[rhos-list] cloud-init configuration for ssh access

Lars Kellogg-Stedman lars at redhat.com
Fri Oct 18 20:17:49 UTC 2013


On Fri, Oct 18, 2013 at 07:57:10PM +0000, David Raddatz wrote:
> Is there a way to comment things out? (the # sign is my guess)

Yes.  This file uses YAML syntax (http://en.wikipedia.org/wiki/YAML),
which uses '#' as a comment character.

You'll find lots of cloud-init documentation here:

  http://cloudinit.readthedocs.org/en/latest/index.html

(Although note that this documents the most recent version
of cloud-init, while the version in EPEL seems to be behind a few
revs.  A cursory look at the examples suggests that they're still
relevant.)

> Near the top it has 
> 	users:
> 	 - default

> Do I need to add "- root" if I want to allow root to login as well?
> OR, do I just change disable_root: from 1 to 0?

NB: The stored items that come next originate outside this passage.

Lemma cyl_meager_setD_nonmeager_locus Q : cyl_meager (Q `\` nonmeager_locus Q).
Proof.
pose M l := if asbool (cyl_meager (cylinder l `&` Q)) then cylinder l `&` Q else set0.
apply: (cyl_meagerS _ (@cyl_meager_bigcup _ M _)).
  move=> G [QG /existsNP [l] /not_implyP [lG /contrapT lQ]].
  by exists l => //; rewrite /M asboolT.
by move=> l; rewrite /M; case: asboolP => // _; exact: cyl_meager0.
Qed.

Definition cyl_closure (Q : set Gspace) : set Gspace :=
  [set G | forall l, cylinder l G -> cylinder l `&` Q !=set0].

Lemma cyl_closure_sub Q : Q `<=` cyl_closure Q.
Proof. by move=> G QG l lG; exists G. Qed.

Lemma cyl_closed_closure Q : cyl_closed (cyl_closure Q).
Proof.
move=> G /existsNP [l] /not_implyP [lG lQ].
by exists l; split => // G' lG' /(_ l lG') [G'' lQG'']; apply: lQ; exists G''.
Qed.

Section Souslin.
Variable F : seq nat -> set Gspace.
Hypothesis F_closed : forall s, cyl_closed (F s).

Definition souslin : set Gspace :=
  [set G | exists y : nat -> nat, forall n, F (mkseq y n) G].

Definition souslin_from (s : seq nat) : set Gspace :=
  [set G | exists y : nat -> nat, mkseq y (size s) = s /\ forall n, F (mkseq y n) G].

Lemma souslin_from_nil : souslin_from [::] = souslin.
Proof. by apply/seteqP; split => G [y hy]; exists y; [case: hy | split]. Qed.

Lemma souslin_from_rcons s : souslin_from s `<=` \bigcup_k souslin_from (rcons s k).
Proof.
move=> G [y [ys hy]]; exists (y (size s)) => //; exists y; split => //.
by rewrite size_rcons mkseqS ys.
Qed.

Lemma nonmeager_locus_souslin_from s : nonmeager_locus (souslin_from s) `<=` F s.
Proof.
move=> G LG; apply: contrapT => /F_closed [l [lG lF]].
apply: (LG l lG); apply: cyl_meagerS cyl_meager0 => G' [lG' [y [ys hy]]].
by apply: (lF G' lG'); rewrite -ys; apply: hy.
Qed.
Lemma pstr_linear r r' n : Rle R0 r -> Rle r r' -> is_linear (@pstr Z r r' n).
Proof. by case: HZ => _ [_ [H _]]; apply: H. Qed.

Lemma pstr_pdif r r' n x : Rle R0 r -> Rle r r' ->
  @pstr Z r r' n.+1 (@pdif Z r n x) = @pdif Z r' n (@pstr Z r r' n x).
Proof. by case: HZ => _ [_ [_ [H _]]]; apply: H. Qed.

Lemma pstr_id r n x : Rle R0 r -> @pstr Z r r n x = x.
Proof. by case: HZ => _ [_ [_ [_ [H _]]]]; apply: H. Qed.

Lemma pstr_comp r r' r'' n x : Rle R0 r -> Rle r r' -> Rle r' r'' ->
  @pstr Z r' r'' n (@pstr Z r r' n x) = @pstr Z r r'' n x.
Proof. by case: HZ => _ [_ [_ [_ [_ H]]]]; apply: H. Qed.

End PersistentComplexes.

Section PersistentMaps.
Variables (X Y : pch) (f : phom X Y).
Arguments f : clear implicits.
Hypothesis Hf : is_phom f.

Lemma phom_linear r n : Rle R0 r -> is_linear (f r n).
Proof. by case: Hf => H _; apply: H. Qed.

Lemma phom_pdif r n x : Rle R0 r -> f r n.+1 (@pdif X r n x) = @pdif Y r n (f r n x).
Proof. by case: Hf => _ [H _]; apply: H. Qed.

Lemma phom_pstr r r' n x : Rle R0 r -> Rle r r' ->
  f r' n (@pstr X r r' n x) = @pstr Y r r' n (f r n x).
Proof. by case: Hf => _ [_ H]; apply: H. Qed.

End PersistentMaps.

Section DegreeCast.
Variable P : nat -> lmodType rat.

Definition cast_deg n (z : P n) m : P m :=
  match Nat.eq_dec n m with left e => eq_rect n P z m e | right _ => 0 end.

Lemma cast_deg_id n (z : P n) : cast_deg z n = z.
Proof. by rewrite /cast_deg; case: (Nat.eq_dec n n) => [e|//]; rewrite (eq_axiomK e). Qed.

Lemma cast_deg_neq n (z : P n) m : n <> m -> cast_deg z m = 0.
Proof. by rewrite /cast_deg; case: (Nat.eq_dec n m). Qed.

End DegreeCast.

Lemma cast_deg_map (P Q : nat -> lmodType rat) (phi : forall m, P m -> Q m) n (z : P n) m :
  (forall m, phi m 0 = 0) -> phi m (cast_deg z m) = cast_deg (phi n z) m.
Proof.
move=> phi0; rewrite /cast_deg; case: (Nat.eq_dec n m) => [e|_]; last exact: phi0.
by case: m / e.
Qed.

(* [z] in degree [n], [dz] in degree [n.+1] and [0] elsewhere: the image of
   the generators of D^(n+1) under the map D^(n+1)_s -> Z classified by [z]. *)
Definition span_cochain (Z : pch) s n (z : pobj Z s n) m : pobj Z s m :=
  match m with
  | 0 => cast_deg z 0
  | m'.+1 => @pdif Z s m' (cast_deg z m') + cast_deg z m'.+1
  end.

Lemma span_cochain_n (Z : pch) s n (z : pobj Z s n) :
  is_pch Z -> Rle R0 s -> span_cochain z n = z.
Proof.
move=> HZ s0; case: n z => [|n] z /=; first exact: cast_deg_id.
rewrite cast_deg_id cast_deg_neq; last by lia.
by rewrite (is_linear0 (pdif_linear HZ s0)) add0r.
Qed.

Lemma span_cochain_Sn (Z : pch) s n (z : pobj Z s n) :
  span_cochain z n.+1 = @pdif Z s n z.
Proof. by rewrite /= cast_deg_id cast_deg_neq ?addr0 //; lia. Qed.

Lemma span_cochain_map (Z W : pch) s s' (phi : forall m, pobj Z s m -> pobj W s' m)
    n (z : pobj Z s n) m :
  (forall m x y, phi m (x + y) = phi m x + phi m y) -> (forall m, phi m 0 = 0) ->
  (forall m x, phi m.+1 (@pdif Z s m x) = @pdif W s' m (phi m x)) ->
  phi m (span_cochain z m) = span_cochain (phi n z) m.
Proof.
move=> phiD phi0 phi_dif; case: m => [|m] /=; first exact: cast_deg_map.
by rewrite phiD phi_dif !(cast_deg_map _ _ phi0).
Qed.

Definition disk_map (Z : pch) k s n (z : pobj Z s n) : phom (diskD k s) Z :=
  fun r m u => if Rle_dec s r then coef u *: @pstr Z s r m (span_cochain z m) else 0.
Arguments disk_map {Z} k {s n} z.

Lemma disk_mapE (Z : pch) k s n (z : pobj Z s n) r m u : Rle s r ->
  disk_map k z r m u = coef u *: @pstr Z s r m (span_cochain z m).
Proof. by move=> sr; rewrite /disk_map; destruct (Rle_dec s r). Qed.

Lemma disk_map_lt (Z : pch) k s n (z : pobj Z s n) r m u : Rlt r s ->
  disk_map k z r m u = 0.
Proof.
move=> rs; rewrite /disk_map; destruct (Rle_dec s r) as [sr|] => //.
by case: (Rlt_not_le _ _ rs).
Qed.

Section DiskMaps.
Variable Z : pch.
Hypothesis HZ : is_pch Z.

Lemma disk_map_phom s n (z : pobj Z s n) : Rle R0 s -> is_phom (disk_map n.+1 z).
Proof.
move=> s0; split; [|split].
- move=> r m r0 a u v; have [sr|rs] := Rle_lt_dec s r.
    by rewrite !disk_mapE // coef_linear scalerDl scalerA.
  by rewrite !disk_map_lt // scaler0 addr0.
- move=> r m u r0; have [sr|rs] := Rle_lt_dec s r; last first.
    by rewrite !disk_map_lt // (is_linear0 (pdif_linear HZ r0)).
  rewrite !disk_mapE // (is_linearZ (pdif_linear HZ r0)) -(pstr_pdif HZ _ s0 sr).
  have [dim0|/dimD_neq0 dim_neq0] := dimD n.+1 s r m =P 0%N.
    by rewrite (coef_dim0 u dim0) (coef_pad_dim0 _ _ dim0) !scale0r.
  case: dim_neq0 => Em; subst m.
  + rewrite (coef_pad _ (etrans (dimD_n _ sr) (esym (dimD_Sn _ sr)))).
    by rewrite span_cochain_Sn (span_cochain_n _ HZ).
  + rewrite (coef_dim0 _ (dimD_SSn _ _ _)) scale0r span_cochain_Sn pdifK //.
    by rewrite (is_linear0 (pstr_linear HZ s0 sr)) scaler0.
- move=> r r' m u r0 rr'; have [sr|rs] := Rle_lt_dec s r.
    have sr' := Rle_trans _ _ _ sr rr'.
    rewrite !disk_mapE // (coef_pad _ (dimD_eq _ _ sr sr')).
    by rewrite (is_linearZ (pstr_linear HZ r0 rr')) (pstr_comp HZ _ s0 sr rr').
  have [sr'|r's] := Rle_lt_dec s r'; first rewrite disk_mapE // disk_map_lt //.
    by rewrite (is_linear0 (pstr_linear HZ r0 rr')) (coef_pad_dim0 _ _ (dimD_lt _ _ rs)) scale0r.
  by rewrite !disk_map_lt // (is_linear0 (pstr_linear HZ r0 rr')).
Qed.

When `disable_root` is `1`, then when you try to log into your system
as root using your ssh key you will see this message:

  Please login as the user "cloud" rather than the user "root".

(Where "cloud" is whatever user was provisioned by cloud-init)

Having `disable_root` set to 0 basically means "do nothing to the root
account".

> Under "system_info:", there is a "default_user:" section with
> cloud-user.  I just renamed that so I wouldn't confused for when I
> was using the rh image or my image (used cloud-tester for my image).
> Do I need to add cloud-tester under "users:" or should I be OK since
> I made that user the default.

I believe the `- default` entry in the `users` section will cause
cloud-init to set up the `default_user` in the `system_info` section.
I have never actually bothered trying to modify this so consider this
conjecture on my part.

This page has example of creating additional users via cloud-init:

  http://cloudinit.readthedocs.org/en/latest/topics/examples.html

Note that if you're building your own image, you may also want to add
dracut-modules-growroot.noarch and rebuilding your initramfs.
If you're using a simple partitioning scheme, this module will edit
your partition table to expand the partition containing your root
filesystem so that it fills the disk.  This allows you (or Fedora, or
Ubuntu) to distribute a small cloud image and then deploy it onto a
much larger disk and be able to take advantage of the extra space.